Here are just five lessons that the football world taught us in 2016:
#1 – Expect the Unexpected
The smart punter sets out at the start of every season to increase the number of ‘sure bets’ (as if such a thing exists) that they place each week; specifically betting on teams or outcomes that appear almost bombproof.
For anybody betting on the Premier League Outright Winner market, the ‘sure thing’ of Manchester City was mostly usurped by Tottenham and certainly by Leicester City, who could well have been the only successful 5000/1 winner of 2016. The upshot of that was that the Foxes, who many expected to be embroiled in a relegation battle, won plenty of matches: 23 to be precise, the vast majority of which were as an odds-against proposition.
The point to be made here is that football betting is a highly volatile investment, and while we can do our homework to ensure that as many boxes are ticked a possible we simply cannot account for the moments of madness that occasionally govern the beautiful game.
Lesson Learned: An effective staking plan can account for anomalies, and ensures that long term our profits from sensible betting will outweigh the losses caused by freak or unexpected results.
#2 – Kick Confirmation Bias to the Kerb
Confirmation Bias is one of those zeitgeist concepts created by psychologists to explain a complex subject in simple terms, and of all its uses its application to sports betting is very much of relevance.
This is the notion that we have preconceived ideas about certain things, and then seek evidence to back up our theory rather than looking at the overall picture. So, if in our minds we fancy Arsenal to beat Manchester United, we will look for evidence to support the Gunners and unconsciously ignore any insight that points towards a United victory.
One common flaw in the betting community is the amount of weight given to head-to-head stats in football. Leicester City’s h2h record with any of the big clubs in English football makes for terrible reading, but that 2015/16 vintage was arguably the best squad – or at least, a squad packed with winners – in the club’s history; thus rendering all prior meetings with any other team meaningless.
So in saying that ‘Team A hasn’t lost at home against Team B in 20 years’ we are guilty of confirmation bias, because we aren’t looking at factors that are simply more relevant, such as current form, injuries/suspensions, home/away record, motivation etc.
Lesson Learned: Produce a checklist of boxes that must be ticked before placing a bet, e.g. are the team in good form/are the opponents on a bad run? Are key players missing? Are the teams strong at home/poor away? By reducing our betting to an administrative process, we can eliminate the horrors of Confirmation Bias.
#3 – Repetition is a Good Thing. Repetition is a Good Thing
The importance of ‘doing the right thing, at the right time’ in life cannot be underestimated, and it is so true in football betting too.
So once you have found a profitable avenue for your bets, persevere with it. Maybe you are adept at finding a value bet in-play, or are capable of finding worthy underdogs. Whatever your skill, maximise it and leave those ‘acca intentions’ on the shelf gathering dust.

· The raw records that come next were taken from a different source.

(* Let $\phi\in\Phi$, let $f:\mathbb{R}^n\to(-\infty,+\infty]$ be proper lsc, $\Omega\subseteq\mathbb{R}^n$ closed, $\delta\ge0$, $p\in[1,\infty]$, and $\mathcal{J}=\{J_1,\dots,J_m\}$ a partition of $\{1,\dots,n\}$. Suppose the problem $\min_x\{\|G_{\mathcal{J},p}(x)\|_0: f(x)\le\delta,\ x\in\Omega\}$ has a nonempty global optimal solution set and nonzero optimal value $s^*$, and let $\mathcal{S}=\{x\in\Omega: f(x)\le\delta\}$. Suppose there exists $\alpha>0$ such that $\pi_{s^*}(G_{\mathcal{J},p}(x))\ge\alpha$ for all $x\in\mathcal{S}$. Let $\bar\varrho=\phi'_-(1)/\alpha$. Then: (i) for all $x\in\mathcal{S}$ and $w\in[0,e]$, $\sum_{i=1}^m\phi(w_i)+\bar\varrho\langle e-w,G_{\mathcal{J},p}(x)\rangle\ge s^*$, where $s^*$ is also the optimal value of the MPEC $$\textstyle (Q)\ \min_{x,w}\{\sum_{i=1}^m\phi(w_i):\ \langle e-w,G_{\mathcal{J},p}(x)\rangle=0,\ 0\le w\le e,\ x\in\Omega,\ f(x)\le\delta\};$$ (ii) for every $\varrho>\bar\varrho$, the set of global optimal solutions of $$\textstyle \min_{x\in\mathbb{R}^n,w\in\mathbb{R}^m}\{\sum_{i=1}^m\phi(w_i)+\varrho\langle e-w,G_{\mathcal{J},p}(x)\rangle:\ f(x)\le\delta,\ x\in\Omega,\ 0\le w\le e\}$$ coincides with the set of global optimal solutions of $(Q)$.
   Context: $\Phi$ is the family of proper lsc functions $\phi:\mathbb{R}\to(-\infty,+\infty]$ with $\mathrm{int}(\mathrm{dom}\,\phi)\supseteq[0,1]$, convex on $[0,1]$, such that $\min_{t\in[0,1]}\phi(t)=0$ is attained at a (fixed) point $t^*\in[0,1)$, and $\phi(1)=1$; $\phi'_-(1)$ is the left derivative of $\phi$ at $1$. $G_{\mathcal{J},p}(x):=(\|x_{J_1}\|_p,\dots,\|x_{J_m}\|_p)^T$; $\|v\|_0$ counts nonzero entries; $e$ is the all-ones vector; for a vector $v$, $\pi(v)$ is the vector of the entries of $|v|$ arranged in nonincreasing order and $\pi_i(v)$ its $i$-th entry. *)

From Stdlib Require Import Reals Lra List Arith.
Import ListNotations.
Open Scope R_scope.

Inductive ereal : Type := Fin (r : R) | PInf.

Definition ele (a : ereal) (d : R) : Prop :=
  match a with Fin r => r <= d | PInf => False end.
Definition elt (t : R) (a : ereal) : Prop :=
  match a with Fin r => t < r | PInf => True end.
Definition efin (a : ereal) : Prop :=
  match a with Fin _ => True | PInf => False end.
(** real value of a finite extended real (only used where finiteness holds) *)
Definition eval (a : ereal) : R :=
  match a with Fin r => r | PInf => 0 end.

(** Vectors of R^n are represented as nat -> R vanishing from index n on. *)
Definition vec (n : nat) (x : nat -> R) : Prop := forall i, (n <= i)%nat -> x i = 0.
Definition near (n : nat) (x y : nat -> R) (eps : R) : Prop :=
  forall i, (i < n)%nat -> Rabs (y i - x i) < eps.

Definition proper_vec (n : nat) (f : (nat -> R) -> ereal) : Prop :=
  exists x, vec n x /\ efin (f x).
Definition lsc_vec (n : nat) (f : (nat -> R) -> ereal) : Prop :=
  forall x, vec n x -> forall t, elt t (f x) ->
    exists eps, 0 < eps /\ forall y, vec n y -> near n x y eps -> elt t (f y).
Definition closed_vec (n : nat) (Om : (nat -> R) -> Prop) : Prop :=
  forall x, vec n x ->
    (forall eps, 0 < eps -> exists y, vec n y /\ Om y /\ near n x y eps) -> Om x.

Definition proper_R (phi : R -> ereal) : Prop := exists t, efin (phi t).
Definition lsc_R (phi : R -> ereal) : Prop :=
  forall x t, elt t (phi x) ->
    exists eps, 0 < eps /\ forall y, Rabs (y - x) < eps -> elt t (phi y).
Definition in_Phi (phi : R -> ereal) : Prop :=
  proper_R phi /\ lsc_R phi /\
  (* int(dom phi) contains [0,1] *)
  (forall t, 0 <= t <= 1 -> exists eps, 0 < eps /\
       forall u, Rabs (u - t) < eps -> efin (phi u)) /\
  (forall s t l, 0 <= s <= 1 -> 0 <= t <= 1 -> 0 <= l <= 1 ->
       eval (phi (l * s + (1 - l) * t)) <= l * eval (phi s) + (1 - l) * eval (phi t)) /\
  (exists tstar, 0 <= tstar < 1 /\ phi tstar = Fin 0 /\
       forall t, 0 <= t <= 1 -> 0 <= eval (phi t)) /\
  phi 1 = Fin 1.

Definition left_deriv1 (phi : R -> ereal) (d : R) : Prop :=
  forall eps, 0 < eps -> exists del, 0 < del /\
    forall t, 1 - del < t < 1 ->
      Rabs ((eval (phi 1) - eval (phi t)) / (1 - t) - d) < eps.

Inductive pexp : Type := PFin (q : R) | PInfty.
Definition valid_p (p : pexp) : Prop :=
  match p with PFin q => 1 <= q | PInfty => True end.

(** partition {J_1,..,J_m} of {0,..,n-1}: blk i = index of the block containing i *)
Definition blk_partition (n m : nat) (blk : nat -> nat) : Prop :=
  (forall i, (i < n)%nat -> (blk i < m)%nat) /\
  (forall j, (j < m)%nat -> exists i, (i < n)%nat /\ blk i = j).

How can you measure which is your best betting method of attack? Easy: bet tracking. It is remarkable how many punters who have dreams of making good money from betting still aren’t keeping track of their wagers. How else can you hope to find out which markets work best for you?

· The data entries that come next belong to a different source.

(* Let $d\ge2$, $1\le m<d$, $\delta\in(0,1)$, let $f=(f_1,\dots,f_L):\mathbb{R}^d\to\mathbb{R}^L$ be a classifier, $\boldsymbol{x}_0\in\mathbb{R}^d$ with label $\hat k$ and $\|\boldsymbol{r}^*\|_2<\infty$, let $\mathcal S$ be a random $m$-dimensional subspace, and let $0\le l\le u$, $t\ge0$. Let $p\in\arg\min_{i\neq\hat k}\|\boldsymbol{r}^i\|_2$ and define the (deterministic) set $$A=\Big\{k\neq\hat k:\ \|\boldsymbol{r}^k\|_2\ge1.45\sqrt{\zeta_2(m,\delta)}\sqrt{\tfrac dm}\,\|\boldsymbol{r}^*\|_2\Big\}.$$ Assume that for every $k\ne\hat k$ with $k\notin A$, $\mathbb{P}\big(l\le\|\boldsymbol{r}^k_{\mathcal S}\|_2/\|\boldsymbol{r}^k\|_2\le u\big)\ge1-\delta$, and that $\mathbb{P}\big(\|\boldsymbol{r}^p_{\mathcal S}\|_2\ge1.45\sqrt{\zeta_2(m,\delta)}\sqrt{\tfrac dm}\,\|\boldsymbol{r}^*\|_2\big)\le t$. Then $$\mathbb{P}\Big(l\le\frac{\|\boldsymbol{r}^*_{\mathcal S}\|_2}{\|\boldsymbol{r}^*\|_2}\le u\Big)\ge1-(L+1)\delta-t.$$
   Context: For an $L$-class classifier $f=(f_1,\dots,f_L):\mathbb{R}^d\to\mathbb{R}^L$ and a point $\boldsymbol{x}_0$ with estimated label $\hat k=\arg\max_k f_k(\boldsymbol{x}_0)$, and for a linear subspace $\mathcal{S}\subseteq\mathbb{R}^d$ and $k\neq\hat k$, define $\|\boldsymbol{r}^k_{\mathcal S}\|_2=\inf\{\|\boldsymbol{r}\|_2:\boldsymbol{r}\in\mathcal{S},\ f_k(\boldsymbol{x}_0+\boldsymbol{r})\ge f_{\hat k}(\boldsymbol{x}_0+\boldsymbol{r})\}$ (with $\inf\emptyset=+\infty$), $\|\boldsymbol{r}^k\|_2:=\|\boldsymbol{r}^k_{\mathbb{R}^d}\|_2$, $\|\boldsymbol{r}^*_{\mathcal S}\|_2=\min_{k\neq\hat k}\|\boldsymbol{r}^k_{\mathcal S}\|_2$ and $\|\boldsymbol{r}^*\|_2=\min_{k\neq\hat k}\|\boldsymbol{r}^k\|_2$. A random $m$-dimensional subspace of $\mathbb{R}^d$ is the span of $m$ independent vectors drawn uniformly from the unit sphere $\mathbb{S}^{d-1}$. For $m\ge1$ and $\delta\in(0,1)$, $\zeta_2(m,\delta)=\Big(\max\big(\tfrac1e\delta^{2/m},\,1-\sqrt{2(1-\delta^{2/m})}\big)\Big)^{-1}$. *)

From HB Require Import structures.
From mathcomp Require Import all_boot all_order all_algebra.
From mathcomp Require Import all_classical all_reals all_analysis measurable_realfun.
Set Implicit Arguments. Unset Strict Implicit. Unset Printing Implicit Defensive.
Import Order.TTheory GRing.Theory Num.Theory numFieldNormedType.Exports.
Local Open Scope classical_set_scope.
Local Open Scope ring_scope.

Definition norm2 {R : realType} {d : nat} (x : 'rV[R]_d) : R :=
  Num.sqrt (\sum_(i < d) x 0 i ^+ 2).

(* || r^k_S ||_2 = inf { ||r||_2 : r in S, f_k(x0+r) >= f_khat(x0+r) }, in \bar R
   (inf of the empty set is +oo). *)
Definition rnorm_sub {R : realType} {d L : nat} (f : 'rV[R]_d -> 'I_L -> R)
  (x0 : 'rV[R]_d) (khat k : 'I_L) (S : set 'rV[R]_d) : \bar R :=
  ereal_inf [set (norm2 r)%:E | r in [set r | S r /\ f (x0 + r) khat <= f (x0 + r) k]].

Definition rnorm {R : realType} {d L : nat} (f : 'rV[R]_d -> 'I_L -> R)
  (x0 : 'rV[R]_d) (khat k : 'I_L) : \bar R := rnorm_sub f x0 khat k setT.

Definition rstar_sub {R : realType} {d L : nat} (f : 'rV[R]_d -> 'I_L -> R)
  (x0 : 'rV[R]_d) (khat : 'I_L) (S : set 'rV[R]_d) : \bar R :=
  ereal_inf [set rnorm_sub f x0 khat k S | k in [set k | k != khat]].

Definition rstar {R : realType} {d L : nat} (f : 'rV[R]_d -> 'I_L -> R)
  (x0 : 'rV[R]_d) (khat : 'I_L) : \bar R := rstar_sub f x0 khat setT.

Definition zeta2 {R : realType} (m : nat) (delta : R) : R :=
  (Num.max (expR (-1) * delta `^ (2 / m%:R))
           (1 - Num.sqrt (2 * (1 - delta `^ (2 / m%:R)))))^-1.

Definition borelV {R : realType} {d : nat} (B : set 'rV[R]_d) : Prop :=
  <<s [set U : set 'rV[R]_d | open U] >> B.

Definition unit_sphere {R : realType} {d : nat} : set 'rV[R]_d :=
  [set x | norm2 x = 1].

Definition span_of {R : realType} {d m : nat} (v : 'I_m -> 'rV[R]_d) : set 'rV[R]_d :=
  [set r | (r <= \matrix_(i < m) v i)%MS].

(* v_0, ..., v_{m-1} : T -> R^d are independent random vectors, each uniformly
   distributed on the unit sphere S^{d-1} (the uniform distribution being the
   unique rotation-invariant probability measure carried by the sphere). *)
Definition iid_uniform_sphere {R : realType} {dT : measure_display}
  {T : measurableType dT} (P : probability T R) {d m : nat}
  (v : 'I_m -> T -> 'rV[R]_d) : Prop :=
  [/\ (forall i B, borelV B -> measurable (v i @^-1` B)),
      (forall B : 'I_m -> set 'rV[R]_d, (forall i, borelV (B i)) ->
         P (\bigcap_(i in [set: 'I_m]) (v i @^-1` B i)) =
         (\prod_(i < m) P (v i @^-1` B i))%E),
      (forall i, P (v i @^-1` unit_sphere) = 1%E) &
      (forall i (Q : 'M[R]_d) B, Q *m Q^T = 1%:M -> borelV B ->
         P ((fun w => v i w *m Q) @^-1` B) = P (v i @^-1` B))].

From HB Require Import structures.
From mathcomp Require Import all_boot all_order all_algebra.
From mathcomp Require Import all_classical all_reals all_analysis measurable_realfun.
From mathcomp Require Import lra.
Import Order.TTheory GRing.Theory Num.Theory numFieldNormedType.Exports.
Local Open Scope classical_set_scope.
Local Open Scope ring_scope.

(* Call a class [k] relevant when [k != khat] and [||r^k|| < thr], where [thr] is the
   threshold defining [A].  Off the bad events ("the ratio of some relevant [k] leaves
   [l, u]" and "[||r^p_S|| >= thr]"), the minimum [||r^*_S||] is pinched: an irrelevant
   class has [||r^k_S|| >= ||r^k|| >= thr > ||r^p_S||], a relevant one has
   [||r^k_S|| >= l ||r^k|| >= l ||r^*||], and [p] gives [||r^*_S|| <= u ||r^*||].  A
   union bound over at most [L] relevant classes and the event for [p] concludes; the
   distribution of [S] and the value of the constant in [thr] play no role. *)

Lemma ediv_band {R : realType} (x : \bar R) (y l u : R) : 0 < y ->
  (l%:E <= x / y%:E <= u%:E)%E = ((l * y)%:E <= x <= (u * y)%:E)%E.
Proof.
by move=> y0; rewrite inver gt_eqF // lee_pdivlMr // lee_pdivrMr // !EFinM.
Qed.

Lemma ge0_lt_fineK {R : realDomainType} {x y : \bar R} :
  (0 <= x)%E -> (x < y)%E -> x = (fine x)%:E.
Proof. by move=> x0 xy; rewrite fineK // ge0_fin_numE // (lt_le_trans xy (leey _)). Qed.

Section minimal_perturbation.
Context {R : realType} {d L : nat} (f : 'rV[R]_d -> 'I_L -> R) (x0 : 'rV[R]_d) (khat : 'I_L).
Local Notation rnorm_sub := (rnorm_sub f x0 khat).
Local Notation rnorm := (rnorm f x0 khat).
Local Notation rstar_sub := (rstar_sub f x0 khat).
Local Notation rstar := (rstar f x0 khat).

Lemma rnorm_sub_ge0 k S : (0 <= rnorm_sub k S)%E.
Proof. by apply/ereal_infP => _ [r _ <-]; rewrite lee_fin sqrtr_ge0. Qed.

Lemma rnorm_ge0 k : (0 <= rnorm k)%E.
Proof. exact: rnorm_sub_ge0. Qed.

Lemma rnorm_le_sub k S : (rnorm k <= rnorm_sub k S)%E.
Proof.
by apply/ereal_infP => _ [r [_ fr] <-]; apply: ereal_inf_lbound; exists r.
Qed.

Lemma rstar_sub_ge0 S : (0 <= rstar_sub S)%E.
Proof. by apply/ereal_infP => _ [k _ <-]; exact: rnorm_sub_ge0. Qed.

Lemma rstar_sub_le S {k} : k != khat -> (rstar_sub S <= rnorm_sub k S)%E.
Proof. by move=> kk; apply: ereal_inf_lbound; exists k. Qed.

Lemma rstar_sub_bigmin S :
  rstar_sub S = \big[Order.min/+oo%E]_(k | k != khat) rnorm_sub k S.
Proof.
apply/eqP; rewrite eq_le; apply/andP; split.
  by apply: le_bigmin => [|k kk]; [exact: leey | exact: rstar_sub_le].
by apply/ereal_infP => _ [k kk <-]; exact: bigmin_le_cond.
Qed.

(* Classes with [thr <= rnorm k] cannot realise the minimum [rstar_sub S], since
   [rnorm_sub k S >= thr > rnorm_sub p S]. *)
Lemma rstar_sub_ratio_band {S p} {thr : \bar R} {l u : R} :
  0 <= l -> p != khat -> rnorm p = rstar -> (0 < rstar)%E ->
  (rnorm_sub p S < thr)%E ->
  (forall k, k != khat -> (rnorm k < thr)%E ->
     (l%:E <= rnorm_sub k S / rnorm k <= u%:E)%E) ->
  (l%:E <= rstar_sub S / rstar <= u%:E)%E.
Proof.
move=> l0 pk rpE rs0 bp_thr band.
have ap_thr : (rnorm p < thr)%E := le_lt_trans (rnorm_le_sub p S) bp_thr.
have := ge0_lt_fineK (rnorm_ge0 p) ap_thr; rewrite rpE => rE.
set r := fine rstar in rE; have r0 : 0 < r by rewrite -lte_fin -rE.
have := band p pk ap_thr; rewrite rpE rE !ediv_band // => /andP[lbp ubp].
apply/andP; split; last exact: le_trans (rstar_sub_le S pk) ubp.
apply/ereal_infP => _ [k kk <-].
have [ak_thr | thr_ak] := ltP (rnorm k) thr.
  have akE := ge0_lt_fineK (rnorm_ge0 k) ak_thr.
  have rak : r <= fine (rnorm k) by rewrite -lee_fin -akE -rE; exact: rstar_sub_le.
  have := band k kk ak_thr; rewrite akE ediv_band ?(lt_le_trans r0) // => /andP[lbk _].
  by apply: le_trans lbk; rewrite lee_fin ler_wpM2l.
apply: le_trans lbp _; apply: (le_trans (ltW bp_thr)).
exact: le_trans thr_ak (rnorm_le_sub k S).
Qed.

End minimal_perturbation.

Section measurability.
Context {R : realType} {dT : measure_display} {T : measurableType dT}.

Lemma measurable_fun_bigmin {I : Type} (s : seq I) (Q : pred I) (X : I -> T -> \bar R) :
  (forall k, Q k -> measurable_fun [set: T] (X k)) ->
  measurable_fun [set: T] (fun w => \big[Order.min/+oo%E]_(k <- s | Q k) X k w).
Proof.
move=> mX; elim: s => [|k s IH].
  by under eq_fun do rewrite big_nil; exact: measurable_cst.
under eq_fun do rewrite big_cons.
by case Qk: (Q k) => //; exact: measurable_mine (mX k Qk) IH.
Qed.

Lemma measurable_lee_fun {g : T -> \bar R} (a : \bar R) :
  measurable_fun [set: T] g -> measurable [set w | (a <= g w)%E].
Proof.
move=> mg; rewrite (_ : [set w | _] = g @^-1` [set` `[a, +oo[%R]).
  by rewrite -[X in measurable X]setTI; exact: mg measurableT _ (emeasurable_itv _).
by apply/seteqP; split => w /=; rewrite in_itv /= andbT.
Qed.

Lemma measurable_ratio_band {g : T -> \bar R} (c : \bar R) (a b : R) :
  measurable_fun [set: T] g -> measurable [set w | (a%:E <= g w * c <= b%:E)%E].
Proof.
move=> mg; have mgc := measurable_funeM c mg.
rewrite (_ : [set w | _] = (fun w => c * g w)%E @^-1` [set` `[a%:E, b%:E]%R]).
  by rewrite -[X in measurable X]setTI; exact: mgc measurableT _ (emeasurable_itv _).
by apply/seteqP; split => w /=; rewrite in_itv /= muleC.
Qed.

Lemma measurable_rstar_sub {d L : nat} (f : 'rV[R]_d -> 'I_L -> R) (x0 : 'rV[R]_d)
    (khat : 'I_L) (S : T -> set 'rV[R]_d) :
  (forall k, k != khat -> measurable_fun [set: T] (fun w => rnorm_sub f x0 khat k (S w))) ->
  measurable_fun [set: T] (fun w => rstar_sub f x0 khat (S w)).
Proof.
by move=> mS; under eq_fun do rewrite rstar_sub_bigmin; exact: measurable_fun_bigmin.
Qed.

End measurability.

Section probability_bounds.
Context {R : realType} {dT : measure_display} {T : measurableType dT}.
Variable P : probability T R.

Lemma measure_bigsetU_le {I : Type} (s : seq I) (Q : pred I) (B : I -> set T) :
  (forall k, Q k -> measurable (B k)) ->
  (P (\big[setU/set0]_(k <- s | Q k) B k) <= \sum_(k <- s | Q k) P (B k))%E.
Proof.
move=> mB; apply: (@proj2 (measurable (\big[setU/set0]_(k <- s | Q k) B k))).
elim/big_rec2: _ => [|k U e Qk [mU PU]]; first by rewrite measure0.
split; first exact: measurableU (mB k Qk) mU.
by apply: le_trans (measureU2 _ (mB k Qk) mU) _; exact: leeD.
Qed.

Lemma probability_fineK {A} : measurable A -> P A = (fine (P A))%:E.
Proof.
move=> mA; rewrite fineK // ge0_fin_numE //.
exact: le_lt_trans (probability_le1 P mA) (ltry _).
Qed.

Lemma probability_setC_le (e : R) {A} :
  measurable A -> ((1 - e)%:E <= P A)%E -> (P (~` A) <= e%:E)%E.
Proof.
move=> mA; rewrite probability_setC // (probability_fineK mA).
by rewrite -EFinB !lee_fin; lra.
Qed.

Lemma probability_ge_of_setC (e : R) {A E} : measurable A -> measurable E ->
  ~` A `<=` E -> (P A <= e%:E)%E -> ((1 - e)%:E <= P E)%E.
Proof.
move=> mA mE AE PA.
have PAC : ((1 - e)%:E <= P (~` A))%E.
  by rewrite probability_setC // (probability_fineK mA) -EFinB lee_fin;
    move: PA; rewrite (probability_fineK mA) lee_fin; lra.
by apply: le_trans PAC (le_measure P _ _ AE); rewrite inE //; exact: measurableC.
Qed.

Lemma probability_ge_union_bound {I : finType} (K : {pred I}) (E : I -> set T)
    {B G : set T} {e s : R} :
  (forall k, k \in K -> measurable (E k)) -> measurable B -> measurable G ->
  (forall k, k \in K -> ((1 - e)%:E <= P (E k))%E) -> (P B <= s%:E)%E ->
  (forall w, ~ B w -> (forall k, k \in K -> E k w) -> G w) ->
  ((1 - (e *+ #|K| + s))%:E <= P G)%E.
Proof.
move=> mE mB mG PE PB EG.
pose bad := \big[setU/set0]_(k in K) ~` E k.
have mbad : measurable bad by apply: bigsetU_measurable => k Kk; exact/measurableC/mE.
apply: (probability_ge_of_setC _ (measurableU _ _ mbad mB) mG).
  move=> w /not_orP[nbad nB]; apply: EG nB _ => k Kk.
  by apply/not_notP => nE; apply: nbad; rewrite /bad (bigD1 k) //=; left.
apply: le_trans (measureU2 _ mbad mB) _; rewrite EFinD leeD //.
apply: le_trans (measure_bigsetU_le _ _ _ (fun k Kk => measurableC (mE k Kk))) _.
rewrite -sumr_const -sumEFin; apply: lee_sum => k Kk.
exact: probability_setC_le (mE k Kk) (PE k Kk).
Qed.

End probability_bounds.

Theorem lemma5 (R : realType) (dT : measure_display) (T : measurableType dT)
  (P : probability T R) (d m L : nat) (delta l u t : R)
  (f : 'rV[R]_d -> 'I_L -> R) (x0 : 'rV[R]_d) (khat p : 'I_L)
  (v : 'I_m -> T -> 'rV[R]_d) :
  (2 <= d)%N -> (1 <= m)%N -> (m < d)%N -> 0 < delta < 1 ->
  (forall k, f x0 k <= f x0 khat) ->
  (rstar f x0 khat < +oo)%E ->
  iid_uniform_sphere P v ->
  (forall k, k != khat ->
     measurable_fun [set: T] ((fun w => rnorm_sub f x0 khat k (span_of (fun i => v i w))) : T -> \bar R)) ->
  0 <= l -> l <= u -> 0 <= t ->
  p != khat -> rnorm f x0 khat p = rstar f x0 khat ->
  let thr := ((145 / 100 * Num.sqrt (zeta2 m delta) * Num.sqrt (d%:R / m%:R))%:E
              * rstar f x0 khat)%E in
  let A := [set k | k != khat /\ (thr <= rnorm f x0 khat k)%E] in
  (forall k, k != khat -> ~ A k ->
     (P [set w | l%:E <= rnorm_sub f x0 khat k (span_of (fun i => v i w))
                          / rnorm f x0 khat k <= u%:E]
      >= (1 - delta)%:E)%E) ->
  (P [set w | thr <= rnorm_sub f x0 khat p (span_of (fun i => v i w))] <= t%:E)%E ->
  (P [set w | l%:E <= rstar_sub f x0 khat (span_of (fun i => v i w))
                        / rstar f x0 khat <= u%:E]
   >= (1 - (L%:R + 1) * delta - t)%:E)%E.
Proof.
move=> _ _ _ /andP[delta0 _] _ _ _ mrnorm_sub l0 _ _ pk rpE thr A Pband Ptail.
have mE := measurable_ratio_band ((rstar f x0 khat)^-1)%E l u
  (measurable_rstar_sub _ _ _ _ mrnorm_sub).
have mBp := measurable_lee_fun thr (mrnorm_sub p pk).
have [Ap | nAp] := leP thr (rnorm f x0 khat p).
  (* [p \in A] makes the event bounded by [t] certain, so the bound is vacuous. *)
  have t1 : 1 <= t.
    rewrite -lee_fin -(probability_setT P); apply: le_trans Ptail.
    by apply: le_measure; rewrite ?inE // => w _; exact: le_trans Ap (rnorm_le_sub _ _ _ _ _).
  apply: le_trans (measure_ge0 P _); rewrite lee_fin.
  have : 0 <= (L%:R + 1) * delta by rewrite mulr_ge0 ?ltW // addr_ge0.
  lra.
have rs0 : (0 < rstar f x0 khat)%E.
  rewrite lt0e rstar_sub_ge0 andbT; apply/eqP => rs_eq0.
  by move: nAp; rewrite rpE /thr rs_eq0 mule0 ltxx.
pose K := [pred k | (k != khat) && (rnorm f x0 khat k < thr)%E].
pose E k := [set w | (l%:E <= rnorm_sub f x0 khat k (span_of (fun i => v i w))
                                / rnorm f x0 khat k <= u%:E)%E].
apply: le_trans (probability_ge_union_bound P K E (e := delta) _ mBp mE _ Ptail _).
- have KL : #|K|%:R * delta <= L%:R * delta.
    by apply: ler_wpM2r; [exact: ltW | rewrite ler_nat -[leqRHS]card_ord max_card].
  by rewrite lee_fin -mulr_natl; lra.
- by move=> k /andP[kk _]; exact: measurable_ratio_band _ _ _ (mrnorm_sub k kk).
- by move=> k /andP[kk ak]; apply: Pband => // -[_]; rewrite leNgt ak.
move=> w nBp relevant_band.
apply: (rstar_sub_ratio_band _ _ _ (thr := thr) l0 pk rpE rs0) => [|k kk ak].
  by rewrite ltNge; apply/negP.
by apply: relevant_band; rewrite inE kk ak.
Qed.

Lesson Learned: Find your betting niche. Identify this by keeping a spreadsheet of all of your betting activities, with columns covering leagues, teams, bet types, pre-game/in-play, odds, outcome and profit/loss. You will be amazed at what you learn about yourself.
#4 – No Emotion
This is linked to the concept of Confirmation Bias above, and the truth is that for so many punters – even those with a fantastic eye for picking winners – our judgment can be clouded by emotional responses.
Refusing to back the teams we support/despise, failure to bet on teams that we have placed on the naughty step (or continuing to back those that let us down time and again – Newcastle and Atletico Madrid being two examples this season), chasing losses, betting ‘blind’ while in a state of euphoria from a win elsewhere….these are all emotion-led traps that many of us fall into.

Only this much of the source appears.